DETAILED DESCRIPTION OF THE INVENTION

With reference to FIGS. 1 through 6, an exemplary embodiment of the system for estimating tire mileage tire of the present invention is indicated at 10. With particular reference to FIG. 1, the system 10 forecasts replacement of each tire 12 supporting a vehicle 14. The position of each tire 12 on the vehicle 14 shall be referred to herein by way of example as front left position 12a, front right position 12b (FIG. 4), rear left position 12c, and rear right position 12d.

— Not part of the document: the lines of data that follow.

Theorem lemma4p8 (d : nat) (N : 'I_d -> nat) (X : {fset 'rV[int]_d})
  (b : 'rV[int]_d) (s sstar : nat)
  (M : 'M[int]_(d.-1, d)) (v : 'rV[int]_(d.-1)) (b' : 'rV[int]_d) :
  (2 <= d)%N ->
  (forall i, 0 < N i)%N ->
  (forall x, x \in X -> forall i : 'I_d,
      (1 <= x ord0 i)%R /\ (x ord0 i <= (N i)%:Z)%R) ->
  b != 0 ->
  lambda_b N b <= 1 ->
  (0 < sstar)%N -> (sstar <= s)%N -> (forall i, s <= N i)%N ->
  let fb := fun x : 'rV[int]_d => x *m M^T + v in
  (forall x1 x2 : 'rV[int]_d,
      fb x1 = fb x2 <->
      exists k : rat, map_mx (intr : int -> rat) (x1 - x2)
                      = k *: map_mx (intr : int -> rat) b) ->
  fb b' != fb 0 ->
  (#|` (Uset X b s `&` Uset X b' s)%fset |)%:R
    <= (sstar.-1)%:R / s%:R * (#|` Uset X b' s |)%:R
       + 2 / lambda_b N b
         * (#|` Uset [fset fb y | y in Uset X b s]%fset (fb b' - fb 0) sstar |)%:R
       :> rat.
Proof.
move=> _ N_gt0 box b_neq0 lam_le1 sstar_gt0 sstar_le _ fb fb_fibers fb_neq.
have fbB x y : fb x - fb y = (x - y) *m M^T.
  by rewrite /fb opprD addrACA subrr addr0 mulmxBl.
set U := Uset X b s; set U' := Uset X b' s; set FU := [fset fb y | y in U]%fset.
set V := Uset FU (fb b' - fb 0) sstar; set W := (U `&` U')%fset.
have card_sparse : (s * #|` [fset y in W | fb y \notin V]%fset| <= sstar.-1 * #|` U'|)%N.
  apply: (card_sparse_image (T := FU)).
  - exact: congr_mod_affine.
  - by move=> x y; apply: (affine_inj_congr_mod fbB).
  - move=> a /[1!inE] /andP [/[1!inE] /andP [aU _] faV].
    by rewrite in_fsetD faV in_imfset.
  - exact: fsubset_trans (fset_sub _ _) (fsubsetIr _ _).
have card_dense : #|` [fset y in W | fb y \in V]%fset|%:R
    <= 2 / lambda_b N b * #|` V|%:R.
  apply: (card_le_lambda_image (f := fb)) N_gt0 b_neq0 lam_le1 _ _ _.
  - move=> x /[1!inE] /andP [/[1!inE] /andP [xU _] _].
    by apply: box; move: xU; rewrite in_Uset => /andP [].
  - by move=> x y _ _ /fb_fibers.
  - by move=> x /[1!inE] /andP [].
have s_gt0 : (0 < s)%N := leq_trans sstar_gt0 sstar_le.
rewrite -(card_fset_sepC W (fun y => fb y \in V)) natrD addrC.
apply: lerD card_dense.
by rewrite mulrAC ler_pdivlMr ?ltr0n // -!natrM ler_nat mulnC.
Qed.
Lemma trunc_log2_le n j : n < 2 ^ j.+1 -> trunc_log 2 n <= j.
Proof.
move=> lt_n; rewrite leqNgt; apply/negP => lt_j.
have n_gt0 : 0 < n by case: n lt_j {lt_n}; rewrite ?trunc_log0.
have := trunc_logP (isT : 1 < 2) n_gt0.
have : 2 ^ j.+1 <= 2 ^ trunc_log 2 n by rewrite leq_exp2l.
lia.
Qed.

Lemma trunc_log2_lt n : 1 < n -> trunc_log 2 n < n.
Proof.
move=> n_gt1; apply: leq_trans (trunc_logP (isT : 1 < 2) (ltnW n_gt1)).
exact: ltn_expl.
Qed.

Lemma iter_log_star n : iter (log_star n) (trunc_log 2) n <= 1.
Proof.
suff h f m : m <= f -> iter (log_star_fuel f m) (trunc_log 2) m <= 1 by exact: h.
elim: f m => [|f IH] m /= m_le; first by lia.
case: ifP => // /negbT; rewrite -ltnNge => m_gt1.
rewrite iterSr; apply: IH; have := trunc_log2_lt m_gt1; lia.
Qed.

Lemma leq_cv_range m n : m <= n -> cv_range m <= cv_range n.
Proof. by move=> h; rewrite ltnS leq_double leq_trunc_log. Qed.

Lemma cv_range_ge5 n : 5 <= n -> 5 <= cv_range n.
Proof.
move=> n_ge5; have : 2 <= trunc_log 2 n by apply: trunc_log_max => //; lia.
rewrite /cv_range; lia.
Qed.

Lemma cv_range_le n : 5 <= n -> cv_range n <= n.
Proof.
move=> n_ge5; have := trunc_logP (isT : 1 < 2) (leq_trans (isT : 0 < 5) n_ge5).
rewrite /cv_range; case: (trunc_log 2 n) => [|[|[|k]]] /=; try lia.
move=> /(leq_trans _); apply; elim: k => [|k IH] //; rewrite expnS; lia.
Qed.

Lemma cv_range_shift n : cv_range (n.*2 + 13) <= (trunc_log 2 n).*2 + 13.
Proof.
case: n => [|n] //; rewrite /cv_range.
have n_lt := trunc_log_ltn n.+1 (isT : 1 < 2); rewrite expnS in n_lt.
have : trunc_log 2 (n.+1.*2 + 13) <= trunc_log 2 n.+1 + 4.
  by apply: trunc_log2_le; rewrite -(addnS _ 4) expnD expnS; lia.
lia.
Qed.

(* The offset keeps the bound where [cv_range] is decreasing; 5 is its
   fixed point. *)
Definition cv_bound (b t : nat) : nat := iter t cv_range (2 ^ b + 5).

Lemma cv_bound_ge5 b t : 5 <= cv_bound b t.
Proof. by elim: t => [|t IH] /=; [lia | apply: cv_range_ge5]. Qed.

While the vehicle 14 is depicted as a passenger car, the invention is not to be so restricted. The principles of the invention find application in other vehicle categories, such as commercial trucks, in which vehicles may be supported by more or fewer tires than those shown in FIG. 1.


The tires 12 are of conventional construction, and each tire is mounted on a respective wheel 16 as known to those skilled in the art. Each tire 12 includes a pair of sidewalls 18 that extend to a circumferential tread 20, which wears with age from road abrasion. An innerliner 22 is disposed on the inner surface of the tire 12, and when the tire is mounted on the wheel 16, an internal cavity 24 is formed, which is filled with a pressurized fluid, such as air.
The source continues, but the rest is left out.